CN110245717A

CN110245717A - A kind of gene expression Spectral Clustering based on machine learning

Info

Publication number: CN110245717A
Application number: CN201910539449.8A
Authority: CN
Inventors: 彭绍亮; 潘佳铭; 张磊
Original assignee: Hunan University
Current assignee: Hunan University
Priority date: 2019-06-20
Filing date: 2019-06-20
Publication date: 2019-09-17

Abstract

The invention belongs to machine learning field, the cluster being related in machine learning, in particular to the gene expression spectral clustering based on machine learning belong to application of the machine learning in biological big data analysis.In such a way that a variety of single clustering algorithms to be formed to a kind of mixing clustering method, solves the situation in the single clustering algorithm of tradition due to causing Clustering Effect undesirable when clustering algorithm is not suitable for data group, and mixing clustering method can be by comparing the cluster result of variant single algorithm, the cluster result with optimal solution is obtained, to solve the problems, such as cluster optimal solution.This method has the advantages that applied widely, can be adapted for all data groups, and this method has very high transplantability, any single clustering algorithm can be applicable in.

Description

A kind of gene expression Spectral Clustering based on machine learning

Technical field:

The invention belongs to machine learning field, the cluster being related in machine learning, in particular to based on the base of machine learning Because expressing Spectral Clustering, belong to application of the machine learning in biological big data analysis.

Background technique:

Because human gene express spectra includes the full gene of mankind's group, gene expression profile data itself just has Largely, higher-dimension, complexity characteristic.The data of gene expression profile are analyzed by the method for cluster, to research human gene Expression, various genetic diseases and due to caused by cytopathy disease be of great significance.

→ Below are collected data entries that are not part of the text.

Lemma KT0Tstar_perfect_shape K n : KT0Tstar_perfect K n -> size (primes n) <= 2 ->
  (exists2 q, prime q & n = q ^ (2 * K - 1)) \/
  (exists q1 q2 e1 e2, [/\ prime q1, prime q2, q1 != q2, 0 < e1 & 0 < e2] /\
     K = (2 * e1).+1 * (2 * e2).+1 /\ n = q1 ^ e1 * q2 ^ e2).
Proof.
move=> [_ [n_gt1 /eqP]]; rewrite eqn_Tdiv_Tunit_expn // => /eqP expE.
have logn_gt0_primes q : q \in primes n -> 0 < logn q n by rewrite logn_gt0.
case: (primes n) (primes_uniq n) (all_prime_primes n) logn_gt0_primes
  (prod_primes_logn (ltnW n_gt1)) (size_primes_gt0 n_gt1) => [|q1 [|q2 [|//]]] //=.
- rewrite andbT big_seq1 => _ q1_pr /(_ q1 (mem_head _ _)) e_gt0 n_eq _ _.
  left; exists q1 => //; rewrite n_eq; congr (_ ^ _).
  by move: expE; rewrite {1}n_eq T0Tstar_exponent_pfactor //; lia.
rewrite mem_seq1 andbT big_cons big_seq1 => q12 /and3P[q1_pr q2_pr _] e_gt0 n_eq _ _.
right; exists q1, q2, (logn q1 n), (logn q2 n); split.
  by rewrite !e_gt0 ?inE ?eqxx ?orbT.
split=> //; move: expE; rewrite {1}n_eq T0Tstar_exponent_pfactor2 ?e_gt0 ?inE ?eqxx ?orbT //.
by lia.
Qed.

Lemma size_primes_KT0Tstar_perfect_pfactor p k n :
  prime p -> KT0Tstar_perfect (p ^ k) n -> size (primes n) <= 2.
Proof.
move=> p_pr [_ [n_gt1 /eqP]]; rewrite eqn_Tdiv_Tunit_expn // => /eqP.
rewrite /T0Tstar_exponent /Tunit_exponent leqNgt.
have e_gt0 : {in primes n, forall q, 0 < logn q n} by move=> q; rewrite logn_gt0.
case: (primes n) e_gt0 => [|q1 [|q2 [|q3 s]]] //= e_gt0.
set c := 2 ^ (size s).+2; set G := \prod_(q <- _) _ => expE.
have four_dvd_c : 4 %| c by rewrite (dvdn_exp2l 2 (_ : 2 <= (size s).+2)).
have p_eq2 : p = 2.
  have : 2 * 2 %| p ^ k * 2 by rewrite -expE dvdn_mulr.
  rewrite dvdn_pmul2r // Euclid_dvdX // => /andP[].
  by rewrite dvdn_prime2 // => /eqP.
have odd_G : odd G.
  apply: (big_ind odd) => // [x y odd_x odd_y | q _]; first by rewrite oddM odd_x.
  by rewrite /= oddM oddX.
have G_gt1 : 1 < G.
  rewrite /G big_cons (leq_trans _ (leq_pmulr _ (prodn_gt0 _))) //.
  by rewrite ltnS muln_gt0 expn_gt0 e_gt0 ?mem_head.
have G_dvd : G %| 2 ^ k.+1 by rewrite expnSr -{1}p_eq2 -expE dvdn_mull.
have [[|j] _ G_eq] := dvdn_pfactor _ _ (isT : prime 2) G_dvd.
  by rewrite G_eq in G_gt1.
by rewrite G_eq oddX in odd_G.
Qed.

Lemma pfactor_mul_eq p k x y : prime p -> x * y = p ^ k ->
  exists a b, [/\ x = p ^ a, y = p ^ b & a + b = k].
Proof.
move=> p_pr xy_eq.
have [a _ x_eq] : exists2 a, a <= k & x = p ^ a.
  by apply/(dvdn_pfactor _ _ p_pr); rewrite -xy_eq dvdn_mulr.
have [b _ y_eq] : exists2 b, b <= k & y = p ^ b.
  by apply/(dvdn_pfactor _ _ p_pr); rewrite -xy_eq dvdn_mull.
exists a, b; split=> //; apply/eqP.
by rewrite -(eqn_exp2l _ _ (prime_gt1 p_pr)) expnD -x_eq -y_eq xy_eq.
Qed.

Theorem mainTheorem8 (k p : nat) (hk : 0 < k) (hp : prime p) :
  (forall p1 : nat, prime p1 ->
     KT0Tstar_perfect (p ^ k) (p1 ^ (2 * p ^ k - 1)))
  /\
  (2 <= k -> odd p ->
   forall p1 p2 a1 a2 : nat, prime p1 -> prime p2 -> p1 != p2 ->
     0 < a1 -> 0 < a2 -> a1 + a2 = k ->
     KT0Tstar_perfect (p ^ k)
       (p1 ^ ((p ^ a1 - 1) %/ 2) * p2 ^ ((p ^ a2 - 1) %/ 2)))
  /\
  (forall n : nat, 1 < n -> KT0Tstar_perfect (p ^ k) n ->
     (exists p1, prime p1 /\ n = p1 ^ (2 * p ^ k - 1))
     \/
     (odd p /\ exists p1 p2 a1 a2 : nat,
        [/\ prime p1, prime p2, p1 != p2, 0 < a1 & 0 < a2] /\ a1 + a2 = k /\
        n = p1 ^ ((p ^ a1 - 1) %/ 2) * p2 ^ ((p ^ a2 - 1) %/ 2))).
Proof.
have pX_gt1 a : 0 < a -> 1 < p ^ a.
  by move=> a_gt0; apply: leq_trans (prime_gt1 hp) (leq_pexp2l (prime_gt0 hp) a_gt0).
split; first by move=> p1; apply: KT0Tstar_perfect_pfactor; apply: pX_gt1.
split=> [_ odd_p p1 p2 a1 a2 p1_pr p2_pr p12 a1_gt0 a2_gt0 <- | n _ n_perfect].
  by rewrite expnD; apply: KT0Tstar_perfect_pfactor2; rewrite ?oddX ?odd_p ?orbT ?pX_gt1.
have [[q q_pr ->] | [q1 [q2 [e1 [e2 [[q1_pr q2_pr q12 e1_gt0 e2_gt0] [K_eq ->]]]]]]] :=
  KT0Tstar_perfect_shape n_perfect (size_primes_KT0Tstar_perfect_pfactor hp n_perfect).
  by left; exists q.
have [a1 [a2 [x1_eq x2_eq sum_a]]] := pfactor_mul_eq hp (esym K_eq).
have a1_gt0 : 0 < a1 by case: a1 x1_eq {sum_a} => [|//]; rewrite expn0; lia.
have a2_gt0 : 0 < a2 by case: a2 x2_eq {sum_a} => [|//]; rewrite expn0; lia.
right; split.
  by move: (congr1 odd x1_eq); rewrite /= oddM oddX eqn0Ngt a1_gt0 /= => <-.
exists q1, q2, a1, a2; do 2!split=> //.
by rewrite -x1_eq -x2_eq; congr (_ ^ _ * _ ^ _); lia.
Qed.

Under normal circumstances, clustering is mainly using the distance between sample as judgment basis, it is therefore intended that in sample Data set is divided into inhomogeneity (or cluster).During carrying out clustering to data, make to be divided to same class (or cluster) Data sample between it is as similar as possible while as different as possible between the data sample of inhomogeneity (or cluster).With optimal poly- The cluster result of class effect should have maximum similitude, and inhomogeneity between the data sample of same class (or cluster) Data sample between (or cluster) has maximum otherness.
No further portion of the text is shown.